--- RECORDS FOR THIS EXERCISE Enclosed Below ---
(* For every positive integer $k$ there exists $c_k>0$ such that every graph $G$ on $n\geq 2$ vertices that contains neither the path $P_k$ nor its complement $\overline{P_k}$ as an induced subgraph contains two disjoint vertex sets $X,Y$, each of size at least $c_k\cdot n$, such that either every vertex of $X$ is adjacent to every vertex of $Y$, or no vertex of $X$ is adjacent to any vertex of $Y$ (no condition is imposed on edges inside $X$ or inside $Y$). Consequently, for every $k$ there exists $c'_k>0$ such that every graph on $n$ vertices with no induced $P_k$ and no induced $\overline{P_k}$ contains a clique or a stable set of size at least $n^{c'_k}$.
   Context: All graphs are finite and simple. $P_k$ denotes the path on $k$ vertices and $\overline{P_k}$ its complement graph. ''Contains $H$ as an induced subgraph'' means some subset of vertices induces a graph isomorphic to $H$. *)

From mathcomp Require Import all_boot.
From Stdlib Require Import Reals.
Set Implicit Arguments. Unset Strict Implicit. Unset Printing Implicit Defensive.

Definition simple_graph (T : finType) (e : rel T) : Prop :=
  symmetric e /\ irreflexive e.

Definition path_rel (k : nat) : rel 'I_k :=
  fun i j => (i.+1 == j :> nat) || (j.+1 == i :> nat).

Arguments path_rel k : clear implicits.

Definition copath_rel (k : nat) : rel 'I_k :=
  fun i j => (i != j) && ~~ path_rel k i j.

Arguments copath_rel k : clear implicits.

Definition contains_induced (T : finType) (e : rel T) (k : nat) (h : rel 'I_k) : Prop :=
  exists f : 'I_k -> T, injective f /\ forall i j : 'I_k, i != j -> e (f i) (f j) = h i j.

Definition is_clique (T : finType) (e : rel T) (S : {set T}) : Prop :=
  forall x y, x \in S -> y \in S -> x != y -> e x y.

Definition is_stable (T : finType) (e : rel T) (S : {set T}) : Prop :=
  forall x y, x \in S -> y \in S -> ~~ e x y.

Definition complete_pair (T : finType) (e : rel T) (X Y : {set T}) : Prop :=
  forall x y, x \in X -> y \in Y -> e x y.
Definition anticomplete_pair (T : finType) (e : rel T) (X Y : {set T}) : Prop :=
  forall x y, x \in X -> y \in Y -> ~~ e x y.

From Stdlib Require Import Reals Lra Psatz Classical.
From mathcomp Require Import all_boot zify.
Set Implicit Arguments. Unset Strict Implicit. Unset Printing Implicit Defensive.

(* Let G have no induced P_k and no induced
   complement of P_k.
   (a) Gyárfás' path argument: a vertex set W inducing maximum degree D, with
       no anticomplete pair of a-sets and with more than k(D + 3a) vertices,
       contains an induced P_k, found by walking into giant components.
   (b) Splitting lemma: two disjoint h-sets of a P_k-free graph contain sets
       A, B of size >= h / (2 M^k) such that every vertex of A has fewer than
       |B| / M neighbours in B, or fewer than |B| / M non-neighbours in B.
   (c) Iterating (b) in a Ramsey-type induction, every large S contains r = 40k
       sets of size >= |S| / L, each sparse to all later ones, in G or in the
       complement of G.
   (d) Choosing s = |S| / 2L vertices in each set and keeping the vertices of
       low degree yields a set to which (a) applies with a ~ |S| / N, N = 4L;
       so if S had no pure pair of ratio N, G or its complement would contain
       an induced P_k.  Hence every S with |S| >= 2 has a pure pair of ratio N.  Recursing into a pure pair, every nonempty S has a
   clique K and a stable set I with |K| |I| >= |S|^γ, where N^γ = 2; the larger
   of the two has at least |S|^(γ/2) vertices. *)

Definition degree_in (T : finType) (f : rel T) (x : T) (B : {set T}) : nat :=
  #|[set y in B | f x y]|.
--- End of Enclosed RECORDS FOR THIS EXERCISE ---
TASK INSTRUCTIONS:
Write out exactly the lines above between the line with "forall x y, x \in S -> y \in S -> ~~ e x y." and the line with "no anticomplete pair", inclusive, and nothing beyond them.

PROBLEM SOLUTION:
  forall x y, x \in S -> y \in S -> ~~ e x y.

Definition complete_pair (T : finType) (e : rel T) (X Y : {set T}) : Prop :=
  forall x y, x \in X -> y \in Y -> e x y.
Definition anticomplete_pair (T : finType) (e : rel T) (X Y : {set T}) : Prop :=
  forall x y, x \in X -> y \in Y -> ~~ e x y.

From Stdlib Require Import Reals Lra Psatz Classical.
From mathcomp Require Import all_boot zify.
Set Implicit Arguments. Unset Strict Implicit. Unset Printing Implicit Defensive.

(* Let G have no induced P_k and no induced
   complement of P_k.
   (a) Gyárfás' path argument: a vertex set W inducing maximum degree D, with
       no anticomplete pair of a-sets and with more than k(D + 3a) vertices,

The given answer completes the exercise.